▶ **WORK ITEM**: For the entries below, the result should be an exact transcription of the lines from the one with "rewrite -normrM gtr0_norm." up to and including the one with "rewrite (bigD1 k) //= ltr_pwDl ?expR_gt0 //.", and only those.
━━━ RECORDS PROVIDED
Lemma int_factor_root_norm_gt (f q h : {poly int}) (j : nat) :
  let rho := (`|lead_coef f|%:~R : C)^-1 in
  f = q * h -> f`_0 != 0 -> (1 < size q)%N -> dominant_coef (toC f) rho j ->
  exists2 z, root (toC q) z & rho < `|z|.
Proof.
move=> rho def_f f0_neq0 size_q dom.
have q_neq0 : q != 0 by rewrite -size_poly_gt0 ltnW.
have h_neq0 : h != 0 by apply: contraNneq f0_neq0 => h0; rewrite def_f h0 mulr0 coef0.
have lcf_ge1 : 1 <= (`|lead_coef f|%:~R : C).
  by rewrite intr_norm_ge1 // def_f lead_coefM mulf_neq0 ?lead_coef_eq0.
have rho_gt0 : 0 < rho by rewrite invr_gt0 (lt_le_trans ltr01).
have rho_le1 : rho <= 1 by rewrite invf_le1 // (lt_le_trans ltr01).
have [r def_qC] := closed_field_poly_normal (toC q).
have lcq_neq0 : lead_coef (toC q) != 0.
  by rewrite lead_coef_map_inj ?intr_eq0 ?lead_coef_eq0 //; apply: intr_inj.
have size_r : (0 < size r)%N.
  have := size_q; rewrite -(size_map_inj_poly (@intr_inj C)) ?intr_eq0 //.
  by rewrite def_qC size_scale // size_prod_XsubC.
case: (boolP (has (fun z => rho < `|z|) r)) => [/hasP[z zr rho_lt_z]|/hasPn small].
  by exists z; rewrite // def_qC rootZ // root_prod_XsubC.
have roots_small z : z \in r -> 0 <= `|z| < rho.
  move=> zr; have : root (toC f) z.
    by rewrite def_f rmorphM /= rootM def_qC rootZ // root_prod_XsubC zr.
  move/(dominant_coef_root_norm_neq (ltW rho_gt0) dom) => z_neq_rho.
  rewrite normr_ge0 lt_neqAle z_neq_rho /= real_leNgt ?normr_real ?gtr0_real //.
  exact: small.
have lcq_le : `|lead_coef (toC q)| <= (`|lead_coef f|%:~R : C).
  rewrite lead_coef_map_inj //; last exact: intr_inj.
  rewrite -intr_norm ler_int def_f lead_coefM normrM ler_peMr //.
  by rewrite -gtz0_ge1 normr_gt0 lead_coef_eq0.
have q0_neq0 : q`_0 != 0.
  by apply: contraNneq f0_neq0 => q00; rewrite def_f coef0M q00 mul0r.
suff : 1 < 1 :> C by rewrite ltxx.
apply: le_lt_trans (@intr_norm_ge1 C _ q0_neq0) _.
rewrite intr_norm -(coef_map intr) -horner_coef0 def_qC hornerZ horner_prod normrM normr_prod.
under eq_bigr do rewrite hornerXsubC sub0r normrN.
have lcq_gt0 : 0 < `|lead_coef (toC q)| by rewrite normr_gt0.
apply: lt_le_trans (_ : `|lead_coef (toC q)| * \prod_(z <- r) rho <= _).
  rewrite ltr_pM2l // big_seq [X in _ < X]big_seq ltr_prod //.
  by case: (r) size_r => // z r' _; rewrite /= inE eqxx.
have prod_rho_le : \prod_(z <- r) rho <= rho.
  case: (r) size_r => // z r' _; rewrite big_cons ler_piMr ?(ltW rho_gt0) //.
  by apply: prodr_ile1 => _ _; rewrite (ltW rho_gt0).
apply: le_trans (ler_wpM2l (normr_ge0 _) prod_rho_le) _.
apply: le_trans (ler_wpM2r (ltW rho_gt0) lcq_le) _.
by rewrite mulfV // lt0r_neq0 // (lt_le_trans ltr01).
Qed.
Lemma real_unbounded_not_cofinally_bourbaki_cauchy (y : nat -> R) :
  (forall n, INR n + 1 <= y n) -> ~ cofinally_bourbaki_cauchy Rdist y.
Proof.
  intros Hy Hcb.
  destruct (cofinally_bourbaki_cauchy_bounded R Rdist Rdist_metric y Hcb) as [p [B [N [HN HB]]]].
  destruct (INR_unbounded (p + B)) as [k Hk]. destruct (HN k) as [n [Hn HNn]].
  specialize (HB n HNn). specialize (Hy n). apply le_INR in Hn.
  unfold Rdist in HB. rewrite Rabs_minus_sym in HB. pose proof (Rle_abs (y n - p)). lra.
Qed.

Lemma sum_f_R0_eventually_zero (g : nat -> R) (K : nat) :
  (forall n, (K <= n)%nat -> g n = 0) -> forall M, (K <= M)%nat -> sum_f_R0 g M = sum_f_R0 g K.
Proof.
  intros Hg M. induction M as [|M IH]; intros HM.
  - now replace K with 0%nat by lia.
  - destruct (Nat.eq_dec K (S M)) as [->|HK]; [reflexivity|].
    simpl. rewrite (Hg (S M)), IH by lia. ring.
Qed.

Lemma sum_f_R0_term_le (g : nat -> R) :
  (forall n, 0 <= g n) -> forall m M, (m <= M)%nat -> g m <= sum_f_R0 g M.
Proof.
  intros Hg m M. induction M as [|M IH]; intros HM.
  - now replace m with 0%nat by lia.
  - simpl. pose proof (Hg (S M)). destruct (Nat.eq_dec m (S M)) as [->|Hm].
    + pose proof (cond_pos_sum g M Hg). lra.
    + specialize (IH ltac:(lia)). lra.
Qed.

Lemma cauchy_seq_dominated {T Y : Type} (d : T -> T -> R) (rho : Y -> Y -> R)
  (u : nat -> T) (y : nat -> Y) (C : R) (k0 : nat) :
  0 <= C ->
  (forall n m, (k0 <= n)%nat -> (k0 <= m)%nat -> rho (y n) (y m) <= C * d (u n) (u m)) ->
  cauchy_seq d u -> cauchy_seq rho y.
Proof.
  intros HC Hdom Hu eps Heps.
  assert (Heps' : 0 < eps / (C + 1)) by (apply Rdiv_lt_0_compat; lra).
  destruct (Hu _ Heps') as [M HM]. exists (max M k0). intros n m Hn Hm.
  specialize (HM n m ltac:(lia) ltac:(lia)). specialize (Hdom n m ltac:(lia) ltac:(lia)).
  assert (C * d (u n) (u m) <= C * (eps / (C + 1))) by (apply Rmult_le_compat_l; lra).
  replace (C * (eps / (C + 1))) with (eps - eps / (C + 1)) in * by (field; lra).
  lra.
Qed.
Lemma tilt_sam_lt g q p' a r i : (forall k, `|g k| <= 1) ->
  (forall k, q k = tilt p (fun k => - a * g k) k) ->
  (forall k, p' k = tilt p (fun k => r * g k) k) ->
  0 < a * r -> `|a| <= 1/4 -> `|r| <= 1/4 ->
  64 * `|a| <= centered_jac p g i -> 64 * `|r| <= centered_jac p g i ->
  tilt q (fun k => - a * (p' k - p k)) i < q i.
Proof.
move=> g_le qE p'E ar_gt0 a_le r_le a_C r_C.
set C := centered_jac p g i in a_C r_C.
have ar_norm : `|a| * `|r| = a * r by rewrite -normrM gtr0_norm.
have r_neq0 : r != 0 by apply: contraTneq ar_gt0 => ->; rewrite mulr0 ltxx.
have C_gt0 : 0 < C by apply: lt_le_trans r_C; rewrite pmulr_rgt0 // normr_gt0.
set u := fun k => p' k - p k.
set X := u i - mean p u; set D := mean q u - mean p u.
have uE k : u k = tilt p (fun k => r * g k) k - p k by rewrite /u p'E.
have u_le k : `|u k| <= 4 * `|r| * p k.
  by rewrite uE; apply: tilt_near => // j; rewrite normrM ler_piMr.
have qp_le k : `|q k - p k| <= 4 * `|a| * p k.
  by rewrite qE; apply: tilt_near => // j; rewrite normrM normrN ler_piMr.
have D_le : `|D| <= 16 * (`|a| * `|r|).
  rewrite -[X in _ <= X](mean_cst p_sum1) /D /mean -sumrB.
  apply: le_trans (ler_norm_sum _ _ _) _; apply: ler_sum => k _.
  rewrite -mulrBl normrM.
  apply: le_trans (ler_pM (normr_ge0 _) (normr_ge0 _) (qp_le k) (u_le k)) _.
  have -> : 4 * `|a| * p k * (4 * `|r| * p k) = p k * (16 * (`|a| * `|r|) * p k).
    by ring.
  apply: ler_wpM2l; first exact: ltW.
  by rewrite ler_piMr ?dist_le1 // !mulr_ge0.
have rX : r ^+ 2 * C / 2 <= r * X.
  rewrite /X uE (eq_mean _ uE).
  apply: (tilt_centered_ge p_gt0 p_sum1 g_le r_le); apply: le_trans r_C.
  by have := normr_ge0 r; lra.
have aX : a * r * C / 2 <= a * X.
  have r2_gt0 : 0 < r ^+ 2 by rewrite -real_normK ?num_real // exprn_gt0 // normr_gt0.
  rewrite -(ler_pM2l r2_gt0); have := ler_wpM2l (ltW ar_gt0) rX; lra.
have aD : `|a * D| <= a * r * C / 4.
  rewrite normrM -ar_norm; apply: le_trans (ler_wpM2l (normr_ge0 a) D_le) _.
  have := ler_wpM2l (mulr_ge0 (normr_ge0 a) (normr_ge0 r)) a_C; lra.
apply: tilt_lt => [k | | ]; first by rewrite qE tilt_gt0.
  by rewrite (eq_bigr _ (fun k _ => qE k)) tilt_sum1.
rewrite meanZ.
have : a * X - a * D = a * (p' i - p i) - a * mean q u by rewrite /X /D /u; ring.
move: aD; rewrite ler_norml => /andP[_ aD].
have := mulr_gt0 ar_gt0 C_gt0; lra.
Qed.

End SamTilt.

End Tilt.

Section Softmax.
Variables (R : realType) (V : nat).
Implicit Types (z w : 'cV[R]_V).

Lemma sum_expR_gt0 z (k : 'I_V) : 0 < \sum_j expR (z j 0).
Proof.
rewrite (bigD1 k) //= ltr_pwDl ?expR_gt0 //.
by apply: sumr_ge0 => j _; apply: expR_ge0.
Qed.

Lemma softmax_gt0 z k : 0 < softmax z k 0.
Proof. by rewrite mxE divr_gt0 ?expR_gt0 // (sum_expR_gt0 _ k). Qed.

Lemma softmax_sum1 z : (0 < V)%N -> \sum_k softmax z k 0 = 1.
Proof.
move=> V_gt0; rewrite (eq_bigr _ (fun k _ => mxE _ _ k 0)) /= -mulr_suml.
by rewrite mulfV // gt_eqF // (sum_expR_gt0 _ (Ordinal V_gt0)).
Qed.

Lemma softmax_add z w k :
  softmax (z + w) k 0 = tilt (fun j => softmax z j 0) (fun j => w j 0) k.
Proof.
have S_gt0 := sum_expR_gt0 z k; have Szw_gt0 := sum_expR_gt0 (z + w) k.
rewrite /tilt /mean.
have -> : \sum_j softmax z j 0 * expR (w j 0)
    = (\sum_j expR ((z + w) j 0)) / \sum_j expR (z j 0).
  by rewrite mulr_suml; apply: eq_bigr => j _; rewrite !mxE expRD; ring.
by rewrite !mxE expRD; field; rewrite !gt_eqF.
Qed.

Lemma softmax_sam_lt_gd z (y i : 'I_V) (a r : R) :
  let p := fun k => softmax z k 0 in
  i != y -> (forall j, j != y -> p j <= p i) -> 0 < a * r ->
  `|a| <= sam_radius p -> `|r| <= sam_radius p ->
  softmax (z - a *: (softmax (z + r *: (softmax z - onehot R y)) - onehot R y)) i 0
  < softmax (z - a *: (softmax z - onehot R y)) i 0.
Proof.
move=> p i_ne_y i_max ar_gt0 a_le r_le.
have V_gt0 : (0 < V)%N := leq_ltn_trans (leq0n y) (ltn_ord y).
have p_gt0 k : 0 < p k := softmax_gt0 z k.
have p_sum1 : \sum_k p k = 1 := softmax_sum1 z V_gt0.
have [c_le c_C] := sam_radius_le i_ne_y i_max.
set g := softmax z - onehot R y; set p' := softmax (z + r *: g).
have -> : z - a *: (p' - onehot R y) = (z - a *: g) + (- a) *: (p' - softmax z).
  by apply/matrixP => k j; rewrite /g !mxE; ring.
have dE : (fun k => ((- a) *: (p' - softmax z)) k 0) =1 (fun k => - a * (p' k 0 - p k)).
  by move=> k; rewrite /p !mxE.
rewrite softmax_add (eq_tilt _ dE).
apply: (tilt_sam_lt p_gt0 p_sum1 (g := residual p y) (r := r)) => [k|k|k|||||].
- exact: residual_le1.
- by rewrite softmax_add; apply: eq_tilt => j; rewrite /residual /p !mxE mulNr.
- by rewrite /p' softmax_add; apply: eq_tilt => j; rewrite /residual /p !mxE.
- exact: ar_gt0.
- exact: le_trans a_le c_le.
- exact: le_trans r_le c_le.
- by apply: le_trans c_C; rewrite ler_pM2l.
- by apply: le_trans c_C; rewrite ler_pM2l.
Qed.

End Softmax.

Section Steps.
Variables (R : realType) (V d : nat).
Implicit Types (phi : 'cV[R]_d) (y : 'I_V) (W : 'M[R]_(V, d)).

Lemma trmx_mul_self phi : phi^T *m phi = (mu phi)%:M.
Proof.
apply/matrixP => i j; rewrite !ord1 !mxE mulr1n /mu /vnorm sqr_sqrtr.
  by apply: eq_bigr => l _; rewrite !mxE expr2.
by apply: sumr_ge0 => l _; apply: sqr_ge0.
Qed.

Lemma outer_mulmx (G : 'cV[R]_V) phi : G *m phi^T *m phi = mu phi *: G.
Proof. by rewrite -mulmxA trmx_mul_self mul_mx_scalar. Qed.

Lemma mnorm_outer (G : 'cV[R]_V) phi : mnorm (G *m phi^T) = vnorm G * vnorm phi.
Proof.
rewrite /mnorm /vnorm -sqrtrM; last by apply: sumr_ge0 => l _; apply: sqr_ge0.
congr Num.sqrt; rewrite mulr_suml; apply: eq_bigr => i _.
rewrite mulr_sumr; apply: eq_bigr => j _.
by rewrite !mxE big_ord1 !mxE exprMn.
Qed.

Lemma gd_logits eta phi y W : gd_step eta phi y W *m phi
  = W *m phi - (eta * mu phi) *: (softmax (W *m phi) - onehot R y).
Proof. by rewrite /gd_step /gradF mulmxBl -scalemxAl outer_mulmx scalerA. Qed.

Lemma sam_logits eta rho phi y W : sam_step eta rho phi y W *m phi
  = W *m phi - (eta * mu phi) *:
      (softmax ((W + rho *: normalize (gradF phi y W)) *m phi) - onehot R y).
Proof. by rewrite /sam_step /gradF mulmxBl -scalemxAl outer_mulmx scalerA. Qed.

Lemma perturbed_logits rho phi y W : 0 < mu phi ->
  let g := softmax (W *m phi) - onehot R y in
  (W + rho *: normalize (gradF phi y W)) *m phi = W *m phi + rhotilde rho (mu phi) g *: g.
Proof.
move=> mu_gt0 g.
have phi_gt0 : 0 < vnorm phi.
  rewrite lt_def (sqrtr_ge0 _ : 0 <= vnorm phi) andbT.
  by apply: contraTneq mu_gt0 => phi0; rewrite /mu phi0 expr2 mulr0 ltxx.
have sqrt_mu : Num.sqrt (mu phi) = vnorm phi by rewrite /mu sqrtr_sqr ger0_norm ?sqrtr_ge0.
rewrite /normalize /gradF -/g mnorm_outer /rhotilde sqrt_mu mulf_eq0 (gt_eqF phi_gt0) orbF.
case: eqP => [_|/eqP g_neq0]; first by rewrite scaler0 addr0 scale0r addr0.
rewrite mulmxDl -!scalemxAl outer_mulmx !scalerA /mu.
by congr (_ + _ *: _); field; rewrite g_neq0 gt_eqF.
Qed.

Lemma alpha_sam_eq_gd eta rho phi y W i : 0 < mu phi ->
  rhotilde rho (mu phi) (softmax (W *m phi) - onehot R y) = 0 ->
  alpha phi W (sam_step eta rho phi y W) i = alpha phi W (gd_step eta phi y W) i.
Proof.
move=> mu_gt0 rt0.
by rewrite /alpha [in LHS]sam_logits perturbed_logits // rt0 scale0r addr0 gd_logits.
Qed.

Lemma alpha_sam_lt_gd eta rho phi y W i : 0 < mu phi ->
  let p := softmax (W *m phi) in
  let rt := rhotilde rho (mu phi) (p - onehot R y) in
  i != y -> (forall j, j != y -> p j 0 <= p i 0) -> 0 < eta * mu phi * rt ->
  `|eta * mu phi| <= sam_radius (fun k => p k 0) ->
  `|rt| <= sam_radius (fun k => p k 0) ->
  alpha phi W (sam_step eta rho phi y W) i < alpha phi W (gd_step eta phi y W) i.
Proof.
move=> mu_gt0 p rt i_ne_y i_max sign_gt0 a_le r_le.
rewrite /alpha ltr_pM2r ?invr_gt0 ?softmax_gt0 //.
rewrite [in X in X < _]sam_logits perturbed_logits // gd_logits.
exact: (softmax_sam_lt_gd i_ne_y i_max sign_gt0 a_le r_le).
Qed.

End Steps.

Section StepSize.
Variables (R : realType) (V : nat).
Implicit Types (p : 'cV[R]_V) (H : 'M[R]_V) (gn m kappa eta rho : R).

(* [H_z] is a function of [p], hence not needed; the fallback value [1] is
   only reached when [g = 0], where SAM and GD coincide. *)
Definition sam_eta0 (p : 'cV[R]_V) (_ : 'M[R]_V) (gn m kappa : R) : R :=
  let c := sam_radius (fun k => p k 0) in
  let e := Num.min (c / m) (c ^+ 2 * gn ^+ 2 / (kappa ^+ 2 * m + 1)) in
  if 0 < e then e else 1.

Lemma sam_eta0_gt0 p H gn m kappa : 0 < sam_eta0 p H gn m kappa.
Proof. by rewrite /sam_eta0; case: ifP => // _; apply: ltr01. Qed.

Lemma step_sizes_le_sam_radius p H gn m kappa eta rho :
  let c := sam_radius (fun k => p k 0) in
  0 < c -> 0 < m -> 0 < gn -> 0 <= kappa ->
  `|eta| <= sam_eta0 p H gn m kappa -> `|rho| = kappa * Num.sqrt `|eta| ->
  `|eta * m| <= c /\ `|rho * Num.sqrt m / gn| <= c.
Proof.
move=> c c_gt0 m_gt0 gn_gt0 kappa_ge0.
have den_gt0 : 0 < kappa ^+ 2 * m + 1.
  by have := mulr_ge0 (sqr_ge0 kappa) (ltW m_gt0); lra.
have e_gt0 : 0 < Num.min (c / m) (c ^+ 2 * gn ^+ 2 / (kappa ^+ 2 * m + 1)).
  by rewrite lt_min !divr_gt0 ?mulr_gt0 ?exprn_gt0.
rewrite /sam_eta0 -/c e_gt0 le_min => /andP[eta_le1 eta_le2] rhoE; split.
  by rewrite normrM (gtr0_norm m_gt0) -ler_pdivlMr.
have rt2 : `|rho * Num.sqrt m / gn| ^+ 2 * gn ^+ 2 = kappa ^+ 2 * `|eta| * m.
  rewrite real_normK ?num_real // expr_div_n exprMn sqr_sqrtr ?ltW //.
  rewrite -[rho ^+ 2]real_normK ?num_real // rhoE exprMn sqr_sqrtr //.
  by field; rewrite gt_eqF.
rewrite -(ler_pXn2r (_ : 0 < 2)%N) ?nnegrE ?normr_ge0 ?(ltW c_gt0) //.
rewrite -(ler_pM2r (exprn_gt0 2 gn_gt0)) rt2.
move: eta_le2; rewrite ler_pdivlMr //.
have := normr_ge0 eta; nra.
Qed.

End StepSize.

Unset Implicit Arguments.

Theorem corollary4 (R : realType) (V : nat) :
  exists eta0 : 'cV[R]_V -> 'M[R]_V -> R -> R -> R -> R,
  forall (d : nat) (phi : 'cV[R]_d) (y : 'I_V) (kappa : R) (W : 'M[R]_(V, d)),
    0 < mu phi -> 0 <= kappa ->
    let p := softmax (W *m phi) in
    let g := p - onehot R y in
    let e0 := eta0 p (hessz p) (vnorm g) (mu phi) kappa in
    0 < e0 /\
    forall ystar : 'I_V, ystar != y ->
      (forall j : 'I_V, j != y -> p j 0 <= p ystar 0) ->
    forall eta rho : R,
      0 < `|eta| -> `|eta| <= 1 -> `|eta| <= e0 ->
      `|rho| = kappa * Num.sqrt `|eta| ->
      let rt := rhotilde rho (mu phi) g in
      let aGD := alpha phi W (gd_step eta phi y W) ystar in
      let aSAM := alpha phi W (sam_step eta rho phi y W) ystar in
      (0 < eta * mu phi * rt ->
         aSAM <= aGD /\
         (0 < p ystar 0 < 1 -> rt != 0 -> aSAM < aGD)) /\
      (rt = 0 -> aSAM = aGD).
Proof.
exists (@sam_eta0 R V) => d phi y kappa W mu_gt0 kappa_ge0 p g e0.
split=> [|ys ys_ne_y ys_max eta rho _ _ eta_le rhoE rt aGD aSAM].
  exact: sam_eta0_gt0.
split=> [sign_gt0 | rt0]; last exact: alpha_sam_eq_gd.
have rt_neq0 : rt != 0 by apply: contraTneq sign_gt0 => ->; rewrite mulr0 ltxx.
have g_gt0 : 0 < vnorm g.
  rewrite lt_def (sqrtr_ge0 _ : 0 <= vnorm g) andbT.
  by apply: contraNneq rt_neq0 => g0; rewrite /rt /rhotilde g0 eqxx.
have V_gt0 : (0 < V)%N := leq_ltn_trans (leq0n y) (ltn_ord y).
have c_gt0 := sam_radius_gt0 (softmax_gt0 (W *m phi)) (softmax_sum1 _ V_gt0).
have [a_le r_le] := step_sizes_le_sam_radius c_gt0 mu_gt0 g_gt0 kappa_ge0 eta_le rhoE.
have rtE : rt = rho * Num.sqrt (mu phi) / vnorm g by rewrite /rt /rhotilde gt_eqF.
rewrite -rtE in r_le.
have lt : aSAM < aGD := alpha_sam_lt_gd mu_gt0 ys_ne_y ys_max sign_gt0 a_le r_le.
by split=> [|_ _]; [apply: ltW|].
Qed.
━━━━━━
▶ **SOLUTION**:
have ar_norm : `|a| * `|r| = a * r by rewrite -normrM gtr0_norm.
have r_neq0 : r != 0 by apply: contraTneq ar_gt0 => ->; rewrite mulr0 ltxx.
have C_gt0 : 0 < C by apply: lt_le_trans r_C; rewrite pmulr_rgt0 // normr_gt0.
set u := fun k => p' k - p k.
set X := u i - mean p u; set D := mean q u - mean p u.
have uE k : u k = tilt p (fun k => r * g k) k - p k by rewrite /u p'E.
have u_le k : `|u k| <= 4 * `|r| * p k.
  by rewrite uE; apply: tilt_near => // j; rewrite normrM ler_piMr.
have qp_le k : `|q k - p k| <= 4 * `|a| * p k.
  by rewrite qE; apply: tilt_near => // j; rewrite normrM normrN ler_piMr.
have D_le : `|D| <= 16 * (`|a| * `|r|).
  rewrite -[X in _ <= X](mean_cst p_sum1) /D /mean -sumrB.
  apply: le_trans (ler_norm_sum _ _ _) _; apply: ler_sum => k _.
  rewrite -mulrBl normrM.
  apply: le_trans (ler_pM (normr_ge0 _) (normr_ge0 _) (qp_le k) (u_le k)) _.
  have -> : 4 * `|a| * p k * (4 * `|r| * p k) = p k * (16 * (`|a| * `|r|) * p k).
    by ring.
  apply: ler_wpM2l; first exact: ltW.
  by rewrite ler_piMr ?dist_le1 // !mulr_ge0.
have rX : r ^+ 2 * C / 2 <= r * X.
  rewrite /X uE (eq_mean _ uE).
  apply: (tilt_centered_ge p_gt0 p_sum1 g_le r_le); apply: le_trans r_C.
  by have := normr_ge0 r; lra.
have aX : a * r * C / 2 <= a * X.
  have r2_gt0 : 0 < r ^+ 2 by rewrite -real_normK ?num_real // exprn_gt0 // normr_gt0.
  rewrite -(ler_pM2l r2_gt0); have := ler_wpM2l (ltW ar_gt0) rX; lra.
have aD : `|a * D| <= a * r * C / 4.
  rewrite normrM -ar_norm; apply: le_trans (ler_wpM2l (normr_ge0 a) D_le) _.
  have := ler_wpM2l (mulr_ge0 (normr_ge0 a) (normr_ge0 r)) a_C; lra.
apply: tilt_lt => [k | | ]; first by rewrite qE tilt_gt0.
  by rewrite (eq_bigr _ (fun k _ => qE k)) tilt_sum1.
rewrite meanZ.
have : a * X - a * D = a * (p' i - p i) - a * mean q u by rewrite /X /D /u; ring.
move: aD; rewrite ler_norml => /andP[_ aD].
have := mulr_gt0 ar_gt0 C_gt0; lra.
Qed.

End SamTilt.

End Tilt.

Section Softmax.
Variables (R : realType) (V : nat).
Implicit Types (z w : 'cV[R]_V).

Lemma sum_expR_gt0 z (k : 'I_V) : 0 < \sum_j expR (z j 0).
Proof.
rewrite (bigD1 k) //= ltr_pwDl ?expR_gt0 //.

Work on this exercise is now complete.